In the fall of 2022, the MOD launched Project TAMPA, a program to stimulate greater use of AM by suppliers to the UK military. It is unclear if this is the first shipment of parts related to Project TAMPA, but in any case it should serve the same purpose of catalyzing increased AM activity in the UK’s defense market.

Along those same lines, another recent development that is sure to accelerate the UK military’s adoption of AM was the announcement by NATO and the EU this week that the two bodies will be creating a joint task force to enhance “[r]esilience and the protection of critical infrastructure.” The particular focus of the task force will be energy security — the dominant theme of international politics, for a multitude of diverse reasons, all throughout 2022.

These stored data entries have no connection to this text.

(* With gamma = 1 / (2 beta T) and alpha = 1 / T the exploration and sharing terms
   contribute 1/2 and 1/eta, and ln(N/alpha) = ln(NT) absorbs both ln N and 1/eta. *)
Lemma fsf_rate_tuned_le (N T bt Sr eta : R) :
  2 <= N -> 3 <= T -> 1 <= bt * T -> 0 < eta ->
  ln N / eta
  + T * (1 / (2 * bt * T) * bt + 4 * eta * bt ^ 2 * (1 + ln (N / (1 / (2 * bt * T))))
         + 1 / T / eta)
  + (Sr - 1) * ln (N / (1 / T)) / eta
  <= 1 / 2 + Sr * ln (N * T) / eta + eta * (4 * bt ^ 2 * T * ln (2 * bt * T * N ^ 3 + N + 2)).
Proof.
  intros HN HT HbT He.
  assert (Hbt : 0 < bt) by nra.
  replace (N / (1 / (2 * bt * T))) with (2 * bt * T * N) by (field; lra).
  replace (N / (1 / T)) with (N * T) by (field; lra).
  pose proof (one_add_ln_le (2 * bt * T) N ltac:(nra) HN) as HL.
  pose proof (ln_add_one_le_ln_mul N T ltac:(lra) HT) as HNT.
  assert (Hsq : 0 <= eta * (4 * bt ^ 2 * T)) by (apply Rmult_le_pos; nra).
  assert (eta * (4 * bt ^ 2 * T) * (1 + ln (2 * bt * T * N))
          <= eta * (4 * bt ^ 2 * T) * ln (2 * bt * T * N ^ 3 + N + 2))
    by (apply Rmult_le_compat_l; easy).
  assert ((ln N + 1) / eta <= ln (N * T) / eta)
    by (apply Rmult_le_compat_r; [left; apply Rinv_0_lt_compat|]; easy).
  replace (T * (1 / (2 * bt * T) * bt + 4 * eta * bt ^ 2 * (1 + ln (2 * bt * T * N))
           + 1 / T / eta))
    with (1 / 2 + eta * (4 * bt ^ 2 * T) * (1 + ln (2 * bt * T * N)) + 1 / eta)
    by (field; lra).
  replace (Sr * ln (N * T) / eta) with (ln (N * T) / eta + (Sr - 1) * ln (N * T) / eta)
    by (field; lra).
  replace ((ln N + 1) / eta) with (ln N / eta + 1 / eta) in * by (field; lra).
  lra.
Qed.

Lemma tuned_gamma_range (bt T : R) : 2 * bt * T > 1 -> 0 < 1 / (2 * bt * T) < 1.
Proof.
  intros H. split; [apply Rdiv_lt_0_compat; lra|].
  apply Rmult_lt_reg_r with (2 * bt * T); [lra|].
  unfold Rdiv. rewrite Rmult_assoc, Rinv_l; lra.
Qed.

Lemma regret_le_tuned (T D : nat) (h b : R) (I : list nat) (S : nat) (d : nat -> nat) (eta : R) :
  (3 <= T)%nat -> 0 < h -> 0 < b -> NoDup I -> (forall i, In i I -> (i <= D)%nat) ->
  (2 <= length I)%nat -> 1 <= beta D h b * INR T -> (1 <= S)%nat -> 0 < eta ->
  (forall t, (1 <= t <= T)%nat -> (d t <= D)%nat) ->
  FSF_expected_regret h b D I eta (1 / (2 * beta D h b * INR T)) (1 / INR T) d T S
  <= 1 / 2 + INR S * ln (INR (length I) * INR T) / eta
     + eta * (4 * beta D h b ^ 2 * INR T
              * ln (2 * beta D h b * INR T * INR (length I) ^ 3 + INR (length I) + 2)).
Proof.
  intros HT Hh Hb Hnd HID HN HbT HS He Hd.
  assert (HT3 : 3 <= INR T) by (apply le_INR in HT; simpl in HT; lra).
  assert (HN2 : 2 <= INR (length I)) by (apply le_INR in HN; simpl in HN; lra).
  assert (Hne : I <> []) by (intros ->; simpl in HN; lia).
  assert (Hgamma : 1 / (2 * beta D h b * INR T) <= 1 / 2).
  { apply Rmult_le_reg_r with (2 * beta D h b * INR T); [lra|].
    unfold Rdiv. rewrite Rmult_assoc, Rinv_l; lra. }
  eapply Rle_trans; [apply regret_le_fsf_rate; auto; try lia|].
  - apply tuned_gamma_range; lra.
  - apply Rdiv_lt_0_compat; lra.
  - apply ln_ge_0. replace (INR (length I) / (1 / INR T)) with (INR (length I) * INR T)
      by (field; lra). nra.
  - apply fsf_rate_tuned_le; lra.
Qed.

Lemma beta_pos (D : nat) (h b : R) : (1 <= D)%nat -> 0 < h -> 0 < beta D h b.
Proof.
  intros HD Hh. apply le_INR in HD. simpl in HD. pose proof (Rmax_l h b).
  unfold beta. nra.
Qed.

Lemma ln_gt_half (y : R) : 2 <= y -> / 2 < ln y.
Proof. intros Hy. pose proof ln_lt_2. pose proof (ln_le 2 y ltac:(lra) Hy). lra. Qed.

Lemma tuned_logs_gt_half (N T bt : R) : 2 <= N -> 1 <= T -> 0 < bt ->
  / 2 < ln (N * T) /\ / 2 < ln (2 * bt * T * N ^ 3 + N + 2).
Proof.
  intros HN HT Hbt. split; apply ln_gt_half; [nra|].
  pose proof (Rmult_le_pos (2 * bt * T) (N ^ 3) ltac:(nra) (pow_le N 3 ltac:(lra))). lra.
Qed.

Lemma sqrt_div_mul (P Q : R) : 0 < P -> 0 < Q -> sqrt (P / Q) * Q = sqrt (P * Q).
Proof.
  intros HP HQ. replace (P * Q) with (P / Q * (Q * Q)) by (field; lra).
  rewrite sqrt_mult, sqrt_square; try lra. left; apply Rdiv_lt_0_compat; easy. nra.
Qed.
(* Let $g$ be a positive integer; suppose that for some $l$ the set $S_l$ contains a consecutive prospective prime pair with gap $g$, and let $j>l+2$. Let $(a,a+g)$ be a consecutive prospective prime pair with gap $g$ in $S_j$, and let $B$ be the set of $m_{j+1}\in\{0,\dots,P_{j+1}-1\}$ such that $b=a+m_{j+1}P_j\#$ and $b+g$ are both coprime to $P_{j+1}\#$. For $m_{j+1}\in B$ with $b=a+m_{j+1}P_j\#$, let $\widehat m(m_{j+1})$ be the unique $\widehat m\in\{0,\dots,P_{j+2}-1\}$ with $P_{j+2}\mid b+\widehat mP_{j+1}\#$, and $\widehat m'(m_{j+1})$ the unique $\widehat m'\in\{0,\dots,P_{j+2}-1\}$ with $P_{j+2}\mid b+g+\widehat m'P_{j+1}\#$ (these index the subsets $S_{j+2}^{(\widehat m)}$, $S_{j+2}^{(\widehat m')}$ of $S_{j+2}$ in which the corresponding lesser, resp. greater, component is disallowed). Then the map $m_{j+1}\mapsto\widehat m(m_{j+1})$ is injective on $B$, and the map $m_{j+1}\mapsto\widehat m'(m_{j+1})$ is injective on $B$.
   Context: $P_k$ denotes the $k$-th prime ($P_1=2$), $P_k\#=\prod_{i=1}^kP_i$. $S_k=\{N\in\mathbb{N}:5\le N\le4+P_k\#\}$ and $S_k^{(m)}=\{N:5+mP_{k-1}\#\le N\le 4+(m+1)P_{k-1}\#\}$ for $0\le m\le P_k-1$. A prospective prime in $S_k$ is an $N\in S_k$ coprime to $P_k\#$; prospective primes $a<b$ in $S_k$ are consecutive if no integer strictly between them is coprime to $P_k\#$; a consecutive prospective prime pair with gap $g$ is a pair $(a,a+g)$ of consecutive prospective primes. *)

From mathcomp Require Import all_boot.
Set Implicit Arguments. Unset Strict Implicit. Unset Printing Implicit Defensive.

Definition next_prime (n : nat) : nat :=
  ex_minn (P := fun p => (n < p) && prime p)
    (let: exist2 p H1 H2 := prime_above n in ex_intro _ p (introT andP (conj H1 H2))).

Fixpoint pr0 (k : nat) : nat :=
  match k with 0 => 2 | k'.+1 => next_prime (pr0 k') end.

(* P k = P_k, the k-th prime with P 1 = 2 (P 0 is a meaningless default) *)
Definition P (k : nat) : nat := pr0 k.-1.

(* primorial k = P_k# = P_1 * ... * P_k  (primorial 0 = 1) *)
Definition primorial (k : nat) : nat := \prod_(i < k) pr0 i.

Definition inS (k N : nat) : bool := (5 <= N) && (N <= 4 + primorial k).

Definition prospective (k N : nat) : bool := inS k N && coprime N (primorial k).

Definition consecutive (k a b : nat) : bool :=
  [&& prospective k a, prospective k b, a < b &
      all (fun n => ~~ coprime n (primorial k)) (iota a.+1 (b - a.+1))].

Definition cpp_pair (k g a : nat) : bool := consecutive k a (a + g).

(* the unique mh in {0..P_{j+2}-1} with P_{j+2} | c + mh * P_{j+1}#  (default 0) *)
Definition mhat (j c : nat) : nat :=
  odflt 0 (omap (@nat_of_ord _)
    [pick h : 'I_(P j.+2) | P j.+2 %| c + h * primorial j.+1]).

(** Write [Q := P_j#], [R := P_{j+1}#] and [p := P_{j+2}], a prime coprime
    to both.  If [b = c + m Q] and [b' = c + m' Q] share the
    index [h = mhat], then [p] divides both [b + h R] and [b' + h R], hence
    [p | (m - m') Q], hence [p | m - m'].  Since [m, m' < P_{j+1} < p], this
    forces [m = m'].  The same applies to the greater components, with [c]
    replaced by [a + g]. *)

From mathcomp Require Import all_boot.

Set Implicit Arguments.
Unset Strict Implicit.
Unset Printing Implicit Defensive.

Lemma next_primeP n : n < next_prime n /\ prime (next_prime n).
Proof. by rewrite /next_prime; case: ex_minnP => p /andP[]. Qed.

Lemma pr0_prime k : prime (pr0 k).
Proof. by case: k => [|k] //=; case: (next_primeP (pr0 k)). Qed.

Lemma pr0_increasing : {homo pr0 : i k / i < k}.
Proof. by apply: homo_ltn => [? ? ? /ltn_trans|i]; [apply | case: (next_primeP (pr0 i))]. Qed.

Lemma coprime_pr0_primorial i k : k <= i -> coprime (pr0 i) (primorial k).
Proof.
move=> le_ki; apply: (big_ind (coprime (pr0 i))) => [|x y|[n /= lt_nk] _].
- exact: coprimen1.
- by rewrite coprimeMr => -> ->.
rewrite prime_coprime ?pr0_prime // dvdn_prime2 ?pr0_prime //.
by rewrite gtn_eqF // pr0_increasing // (leq_trans lt_nk).
Qed.

Lemma exists_dvdn_addM p q c :
  0 < p -> coprime p q -> exists h : 'I_p, p %| c + h * q.
Proof.
move=> p_gt0 co_pq; have [u _] := Bezoutl q p_gt0; rewrite (eqP co_pq) => dvd_p_uq.
(* [u * q = -1 (mod p)], so [h = c u] works. *)
exists (Ordinal (ltn_pmod (c * u) p_gt0)); rewrite /= /dvdn -modnDmr modnMml modnDmr.
by rewrite -mulnA -{1}[c]muln1 -mulnDr -/(dvdn _ _) dvdn_mull.
Qed.

Lemma eq_modMr_small p q x y :
  coprime p q -> x < p -> y < p -> x * q = y * q %[mod p] -> x = y.
Proof.
move=> co_pq x_lt y_lt; wlog le_yx : x y x_lt y_lt / y <= x.
  by move=> IH eq_xy; case: (leqP y x) => [|/ltnW] le; [|symmetry]; apply: IH.
move/eqP; rewrite eqn_mod_dvd ?leq_mul2r ?le_yx ?orbT // -mulnBl Gauss_dvdl //.
by rewrite -eqn_mod_dvd // !modn_small // => /eqP.
Qed.

Lemma mhat_dvd j c : P j.+2 %| c + mhat j c * primorial j.+1.
Proof.
rewrite /mhat; case: pickP => [h //|no_h].
have [h dvd_h] := exists_dvdn_addM c (prime_gt0 (pr0_prime j.+1))
  (coprime_pr0_primorial (leqnn j.+1)).
by move: (no_h h); rewrite dvd_h.
Qed.

Lemma mhat_inj j c :
  {in gtn (P j.+2) &, injective (fun m => mhat j (c + m * primorial j))}.
Proof.
move=> m m' /= m_lt m'_lt eq_mhat.
have co_pQ : coprime (P j.+2) (primorial j) by apply: coprime_pr0_primorial.
have mod0 d : d + mhat j d * primorial j.+1 = 0 %[mod P j.+2].
  by apply/eqP; rewrite mod0n -/(dvdn _ _) mhat_dvd.
apply: (eq_modMr_small co_pQ m_lt m'_lt); apply/eqP.
rewrite -(eqn_modDl c) -(eqn_modDr (mhat j (c + m * primorial j) * primorial j.+1)).
by rewrite mod0 eq_mhat mod0.
Qed.

Theorem lemma3 (g l j a : nat) :
  0 < g ->
  (exists a0, cpp_pair l g a0) ->
  l + 2 < j ->
  cpp_pair j g a ->
  let B := [pred m : nat | (m < P j.+1) &&
              coprime (a + m * primorial j) (primorial j.+1) &&
              coprime (a + m * primorial j + g) (primorial j.+1)] in
  {in B &, injective (fun m => mhat j (a + m * primorial j))} /\
  {in B &, injective (fun m => mhat j (a + m * primorial j + g))}.
Proof.
move=> _ _ _ _ B.
have B_small m : m \in B -> m < P j.+2.
  by case/andP=> /andP[m_lt _] _; apply: (ltn_trans m_lt); exact: pr0_increasing.
split=> m m' /B_small m_lt /B_small m'_lt; last rewrite /= -!(addnAC a g).
  exact: mhat_inj.
exact: mhat_inj.
Qed.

The UK is particularly well-suited to play a leading role in that task force, given the nation’s position as being situated both literally and figuratively between the US and the EU. In similar fashion, Babcock is perfectly situated to capitalize on that exact same nexus, given its foothold in both defense and energy markets.

Relevant to that last point, the head of the UK’s Nuclear Industry Association (NIA) this week urged the government to act with “urgency” in expanding the nation’s adoption of small modular reactors. The growing use of AM for this particular application of nuclear energy colors that statement as yet another signal screaming that advanced manufacturing in the UK is poised for a boom.